AI startup Driver raises $8M to drive productivity gains by simplifying technical documentation
A startup called Driver AI is looking to ease the headaches around technical documentation for new software and hardware products after closing on an $8 million seed funding round.
Today’s round was led by Google LLC’s venture capital arm GV, and saw participation from Y Combinator and a host of angel investors.
Driver has created artificial intelligence software that can help teams to document, understand and deliver new technology much faster in order to accelerate engineer onboarding and time to market for new products.
The company is showcasing its technology for the first time at the Embedded World North America event in Austin, Texas, this week. It has created a generative AI-powered platform that does a couple of very interesting things, taking existing technical documentation that’s littered with difficult to understand jargon, and simplifying it so users can understand it much more easily. In the company’s own words, it can “transform lengthy, complex manuals into clear, concise explanations” to speed up onboarding for new team members.
In addition, Driver says, it can generate technical documentation for new products entirely from scratch. It can do this in about two hours, which is much faster than the average three months it takes engineers to craft the same documents manually.
In terms of existing documentation, Driver says it can translate this into “customer-facing” documentation that helps engineers to “instantly understand” complex new technologies. In doing this, it can save the average engineer from spending hours of their time trying to understand the jargon that typically litters such documents.
Driver co-founder and Chief Executive Adam Tilton said the company’s goal is to enable “user-tailored” understanding of complex technology, so engineering teams can quickly access the most important information within documents. “Driver is the first solution to create clear and compelling explanations that make technology more accessible for customers and partners, while ensuring documentation is drafted quickly and stays consistently up to date,” he said.
According to Driver, its technology should be especially useful in the semiconductor industry, where chipmakers typically create manuals for each new chipset that are filled with thousands of pages of user-guides and source code. Their customers will then spend many months trying to understand the new chips and implement them in their own products. With Driver, companies can rapidly decode these complex documents and accelerate time to market while “driving” substantial time and cost savings.
Another interesting feature of Driver’s platform is that it can be synchronized with existing technical documents posted on repositories such as GitHub, so if they’re updated, it will immediately update its simplified version of those documents.

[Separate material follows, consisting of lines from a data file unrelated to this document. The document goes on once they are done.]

Lemma sphere_midpoint (a b y : pt) m : 0 < m ->
  dot a a = 1 -> dot b b = 1 -> dot y y = 1 ->
  dot a b = 2 * m^2 - 1 -> dot a y = m -> dot y b = m ->
  y = vscale (/(2 * m)) (vadd a b).
Proof.
  intros hm ha hb hy hab hay hyb.
  assert (E : vscale (2 * m) y = vadd a b).
  { apply eq_of_dot_vsub_self.
    rewrite dot_vsub_self, !dot_vscalel, !dot_vscaler, !dot_vaddl, !dot_vaddr.
    rewrite ?(dot_comm b a), ?(dot_comm y a), ?(dot_comm b y), ha, hb, hy, hab, hay, hyb; ring. }
  rewrite <- E; destruct y; apply pt_ext; simpl; field; lra.
Qed.

Lemma side_plane_bisector (x0 x1 x2 : pt) t :
  pz (cross (vsub x2 x1) (vsub (vadd x0 (vscale t (vadd (vsub x1 x0) (vsub x2 x0)))) x1)) =
  (1 - 2 * t) * pz (cross (vsub x2 x1) (vsub x0 x1)).
Proof. destruct x0, x1, x2; simpl; ring. Qed.

Lemma plane_bisector_combination (x0 x1 x2 : pt) s t : 1/4 < s -> s < t ->
  in_triangle 0 (vscale (/2) (vadd x0 x1)) (vscale (/2) (vadd x0 x2))
    (vadd x0 (vscale t (vadd (vsub x1 x0) (vsub x2 x0))))
    (vadd x0 (vscale s (vadd (vsub x1 x0) (vsub x2 x0)))).
Proof.
  intros hs hst.
  set (w := (s - 1/4) / (t - 1/4)).
  assert (hw : 0 < w < 1).
  { assert (w * (t - 1/4) = s - 1/4) by (unfold w; field; lra).
    split; [apply Rdiv_lt_0_compat |]; nra. }
  exists ((1 - w) / 2), ((1 - w) / 2), w.
  repeat split; try lra.
  destruct x0, x1, x2; apply pt_ext; simpl; unfold w; field; lra.
Qed.

Lemma sphere_bisector_combination (x0 x1 x2 : pt) m ac bc az bz :
  0 < m -> 0 <= ac -> az < 0 -> 0 < 2 * bc - ac -> 0 < 2 * bz - az ->
  in_triangle 1 (vscale (/(2 * m)) (vadd x0 x1)) (vscale (/(2 * m)) (vadd x0 x2))
    (vadd (vscale az x0) (vscale bz (vadd x1 x2)))
    (vadd (vscale ac x0) (vscale bc (vadd x1 x2))).
Proof.
  intros hm hac haz hc hz.
  set (w := (2 * bc - ac) / (2 * bz - az)).
  assert (hw : 0 < w) by (apply Rdiv_lt_0_compat; lra).
  assert (hu : 0 <= m * (ac - w * az)) by (apply Rmult_le_pos; nra).
  exists (m * (ac - w * az)), (m * (ac - w * az)), w.
  repeat split; try lra.
  destruct x0, x1, x2; apply pt_ext; simpl; unfold w; field; lra.
Qed.

Definition e3 : pt := mkpt 0 0 1.

Section PlaneConfiguration.

Variables (l e : R) (x0 x1 x2 z c : pt).
Hypotheses (hel : 0 < e < l)
  (p0 : pz x0 = 0) (p1 : pz x1 = 0) (p2 : pz x2 = 0) (pzz : pz z = 0) (pc : pz c = 0)
  (d01 : dot (vsub x0 x1) (vsub x0 x1) = 4 * l^2)
  (d02 : dot (vsub x0 x2) (vsub x0 x2) = 4 * l^2)
  (d12 : dot (vsub x1 x2) (vsub x1 x2) = 4 * e^2).

Lemma plane_decomposition (p : pt) be : pz p = 0 ->
  dot p (vsub x1 x0) = dot p (vsub x2 x0) ->
  dot p (vsub x1 x0) = be * (8 * l^2 - 2 * e^2) ->
  p = vscale be (vadd (vsub x1 x0) (vsub x2 x0)).
Proof.
  intros hp h12 h1.
  assert (hA : dot (vsub x1 x0) (vsub x1 x0) = 4 * l^2) by (rewrite dot_vsub_self_sym; exact d01).
  assert (hB : dot (vsub x2 x0) (vsub x2 x0) = 4 * l^2) by (rewrite dot_vsub_self_sym; exact d02).
  assert (hAB : dot (vsub x1 x0) (vsub x2 x0) = 4 * l^2 - 2 * e^2).
  { assert (E : vsub (vsub x1 x0) (vsub x2 x0) = vsub x1 x2)
      by (destruct x0, x1, x2; apply pt_ext; simpl; ring).
    pose proof (dot_vsub_self (vsub x1 x0) (vsub x2 x0)) as F.
    rewrite E, d12, hA, hB in F; lra. }
  rewrite <- (vadd_scale0l e3).
  assert (hn : forall q, dot e3 q = pz q) by (intros q; unfold dot; simpl; ring).
  apply (symmetric_decomposition e3 _ _ 1 (4 * l^2) 0 (4 * l^2 - 2 * e^2));
    rewrite ?hn, ?(dot_comm p e3), ?hn; simpl; rewrite ?p0, ?p1, ?p2; auto; nra.
Qed.

Lemma plane_circumcenter_on_bisector :
  dot (vsub c x0) (vsub c x0) = dot (vsub c x1) (vsub c x1) ->
  dot (vsub c x1) (vsub c x1) = dot (vsub c x2) (vsub c x2) ->
  c = vadd x0 (vscale (l^2 / (4 * l^2 - e^2)) (vadd (vsub x1 x0) (vsub x2 x0))).
Proof.
  rewrite (law_of_cosines c x1 x0), (law_of_cosines c x2 x0), !(dot_vsub_self_sym _ x0), d01, d02.
  intros hc1 hc2.
  apply vsub_eq_vadd, plane_decomposition; [simpl; rewrite pc, p0; ring | lra |].
  field_simplify_eq; nra.
Qed.

Lemma plane_apex_on_bisector :
  dot (vsub x1 z) (vsub x1 z) = dot (vsub x2 z) (vsub x2 z) ->
  pz (cross (vsub x2 x1) (vsub x0 x1)) * pz (cross (vsub x2 x1) (vsub z x1)) < 0 ->
  exists t, 1/2 < t /\ z = vadd x0 (vscale t (vadd (vsub x1 x0) (vsub x2 x0))).
Proof.
  rewrite !(dot_vsub_self_sym _ z), (law_of_cosines z x1 x0), (law_of_cosines z x2 x0),
    !(dot_vsub_self_sym _ x0), d01, d02.
  intros hz hside.
  set (t := dot (vsub z x0) (vsub x1 x0) / (8 * l^2 - 2 * e^2)).
  assert (Ez : z = vadd x0 (vscale t (vadd (vsub x1 x0) (vsub x2 x0)))).
  { apply vsub_eq_vadd, plane_decomposition; [simpl; rewrite pzz, p0; ring | lra |].
    unfold t; field; nra. }
  exists t; split; [| exact Ez].
  rewrite Ez, side_plane_bisector in hside; nra.
Qed.

End PlaneConfiguration.

Lemma sphere_chord (x0 x1 x2 : pt) m E : 0 < m ->
  dot x0 x0 = 1 -> dot x0 x1 = 2 * m^2 - 1 -> dot x0 x2 = 2 * m^2 - 1 ->
  dot (vscale (/(2 * m)) (vadd x0 x1)) (vscale (/(2 * m)) (vadd x0 x2)) = E ->
  dot x1 x2 = 1 - 4 * m^2 * (1 - E).
Proof.
  intros hm h0 h1 h2 hE.
  rewrite dot_vscalel, dot_vscaler, !dot_vaddl, !dot_vaddr, (dot_comm x1 x0), h0, h1, h2 in hE.
  rewrite <- hE; field; lra.
Qed.

Section SphereConfiguration.

Variables (m E : R) (x0 x1 x2 z c : pt).
Hypotheses (hm : 0 < m < 1) (hE : (1 + m^2) / 2 < E < 1)
  (u0 : dot x0 x0 = 1) (u1 : dot x1 x1 = 1) (u2 : dot x2 x2 = 1)
  (h01 : dot x0 x1 = 2 * m^2 - 1) (h02 : dot x0 x2 = 2 * m^2 - 1)
  (h12 : dot x1 x2 = 1 - 4 * m^2 * (1 - E)).

Lemma sphere_frame_bounds :
  let g := 2 * m^2 - 1 in let h := 1 - 4 * m^2 * (1 - E) in
  h < 1 /\ 0 < 1 + h - 2 * g^2 /\ 0 < 1 + h - 2 * g /\ 0 < 1 + h.
Proof.
  intros g h; unfold g, h.
  assert (0 < m^2) by nra.
  assert (0 < m^2 * (1 - E)) by nra.
  assert (0 < m^2 * (1 + E - 2 * m^2)) by (apply Rmult_lt_0_compat; nra).
  assert (0 < (1 - m^2) * (1 - m^2 / 2)) by (apply Rmult_lt_0_compat; nra).
  repeat split; nra.
Qed.

Lemma sphere_decomposition (p : pt) al be :
  dot p x1 = dot p x2 ->
  dot p x0 = al + 2 * be * (2 * m^2 - 1) ->
  dot p x1 = al * (2 * m^2 - 1) + be * (1 + (1 - 4 * m^2 * (1 - E))) ->
  p = vadd (vscale al x0) (vscale be (vadd x1 x2)).
Proof.
  intros h12' ha hb.
  destruct sphere_frame_bounds as (hh & hD & _).
  apply (symmetric_decomposition x0 x1 x2 1 1 (2 * m^2 - 1) (1 - 4 * m^2 * (1 - E)));
    auto; try lra; nra.
Qed.

Lemma sphere_circumcenter_in_triangle :
  dot z x1 = m -> dot z x2 = m ->
  dot c x1 = dot c x0 -> dot c x2 = dot c x0 -> 0 < dot c x0 ->
  dot (cross x1 x2) x0 * dot (cross x1 x2) z < 0 ->
  in_triangle 1 (vscale (/(2 * m)) (vadd x0 x1)) (vscale (/(2 * m)) (vadd x0 x2)) z c.
Proof.
  intros hz1 hz2 hc1 hc2 hc0 hside.
  set (g := 2 * m^2 - 1) in *; set (h := 1 - 4 * m^2 * (1 - E)) in *.
  set (D := 1 + h - 2 * g^2).
  destruct sphere_frame_bounds as (hh & hD & hac' & hh1); fold g h in hh, hD, hac', hh1.
  set (r := dot c x0) in *; set (s := dot z x0).
  set (ac := r * (1 + h - 2 * g) / D); set (bc := r * (1 - g) / D).
  set (az := (s * (1 + h) - 2 * g * m) / D); set (bz := (m - g * s) / D).
  assert (Ec : c = vadd (vscale ac x0) (vscale bc (vadd x1 x2))).
  { apply sphere_decomposition; fold g h; [congruence | |]; fold r; rewrite ?hc1;
      unfold ac, bc, D; field; lra. }
  assert (Ez : z = vadd (vscale az x0) (vscale bz (vadd x1 x2))).
  { apply sphere_decomposition; fold g h; [congruence | |]; fold s; rewrite ?hz1;
      unfold az, bz, D; field; lra. }
  assert (haz : az < 0).
  { rewrite Ez, triple_bisector_combination in hside.
    assert (0 <= dot (cross x1 x2) x0 ^ 2) by apply pow2_ge_0.
    nra. }
  assert (hac : 0 <= ac).
  { unfold ac, D; apply Rlt_le, Rdiv_lt_0_compat; [apply Rmult_lt_0_compat|]; lra. }
  assert (hbc : 0 < 2 * bc - ac).
  { replace (2 * bc - ac) with (r * (1 - h) / D) by (unfold ac, bc, D; field; lra).
    unfold D; apply Rdiv_lt_0_compat; [apply Rmult_lt_0_compat|]; lra. }
  assert (hbz : 0 < 2 * bz - az).
  { assert (Hm : (2 * bz - az) * (1 + h) = 2 * m - az * (1 + h + 2 * g))
      by (unfold az, bz, D; field; lra).
    assert (Hg : 1 + h + 2 * g = 4 * m^2 * E) by (unfold h, g; ring).
    rewrite Hg in Hm.
    assert (0 < m^2 * E) by (apply Rmult_lt_0_compat; nra).
    assert (0 < 2 * m - az * (4 * m^2 * E)) by nra.
    nra. }
  rewrite Ec, Ez; apply sphere_bisector_combination; lra.
Qed.

End SphereConfiguration.

Lemma inM_plane p : inM 0 p -> pz p = 0.
Proof. unfold inM; case Req_EM_T; [auto | congruence]. Qed.

Lemma inM_sphere p : inM 1 p -> dot p p = 1.
Proof. unfold inM; case Req_EM_T; [lra | auto]. Qed.

Lemma side_plane a b p : side 0 a b p = pz (cross (vsub b a) (vsub p a)).
Proof. unfold side; case Req_EM_T; [auto | congruence]. Qed.

Lemma side_sphere a b p : side 1 a b p = dot (cross a b) p.
Proof. unfold side; case Req_EM_T; [lra | auto]. Qed.

Lemma gdist_plane_sq p q r : gdist 0 p q = r -> dot (vsub p q) (vsub p q) = r^2.
Proof.
  unfold gdist; case Req_EM_T; [intros _ <- | congruence].
  rewrite pow2_sqrt; [reflexivity | apply dot_self_ge0].
Qed.

Lemma gdist_plane_eq p q p' q' : gdist 0 p q = gdist 0 p' q' ->
  dot (vsub p q) (vsub p q) = dot (vsub p' q') (vsub p' q').
Proof. intros E; rewrite (gdist_plane_sq _ _ _ E), <- (gdist_plane_sq p' q' _ eq_refl); reflexivity. Qed.

Lemma dot_unit_bounds a b : dot a a = 1 -> dot b b = 1 -> -1 <= dot a b <= 1.
Proof.
  intros ha hb.
  pose proof (dot_self_ge0 (vadd a b)); pose proof (dot_self_ge0 (vsub a b)).
  rewrite dot_vsub_self in *; rewrite dot_vaddl, !dot_vaddr, (dot_comm b a) in *; lra.
Qed.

In this way, teams can stay up to date as the codebase evolves over time.
In addition, Driver provides a unified search capability for users to quickly find contextual information, plus reusable templates with defined sections and instructions on how to complete specific kinds of documents.
GV Partner Luna Schmid said Driver has come up with a novel use case for generative AI that can address a large and untapped market opportunity. “We believe Driver is a game changer for any team that needs to document complicated technology quickly and ensure it can be understood by all constituents,” he said.
Driver said the funds from today’s round will help to accelerate its momentum by expanding its engineering team and building out its product roadmap.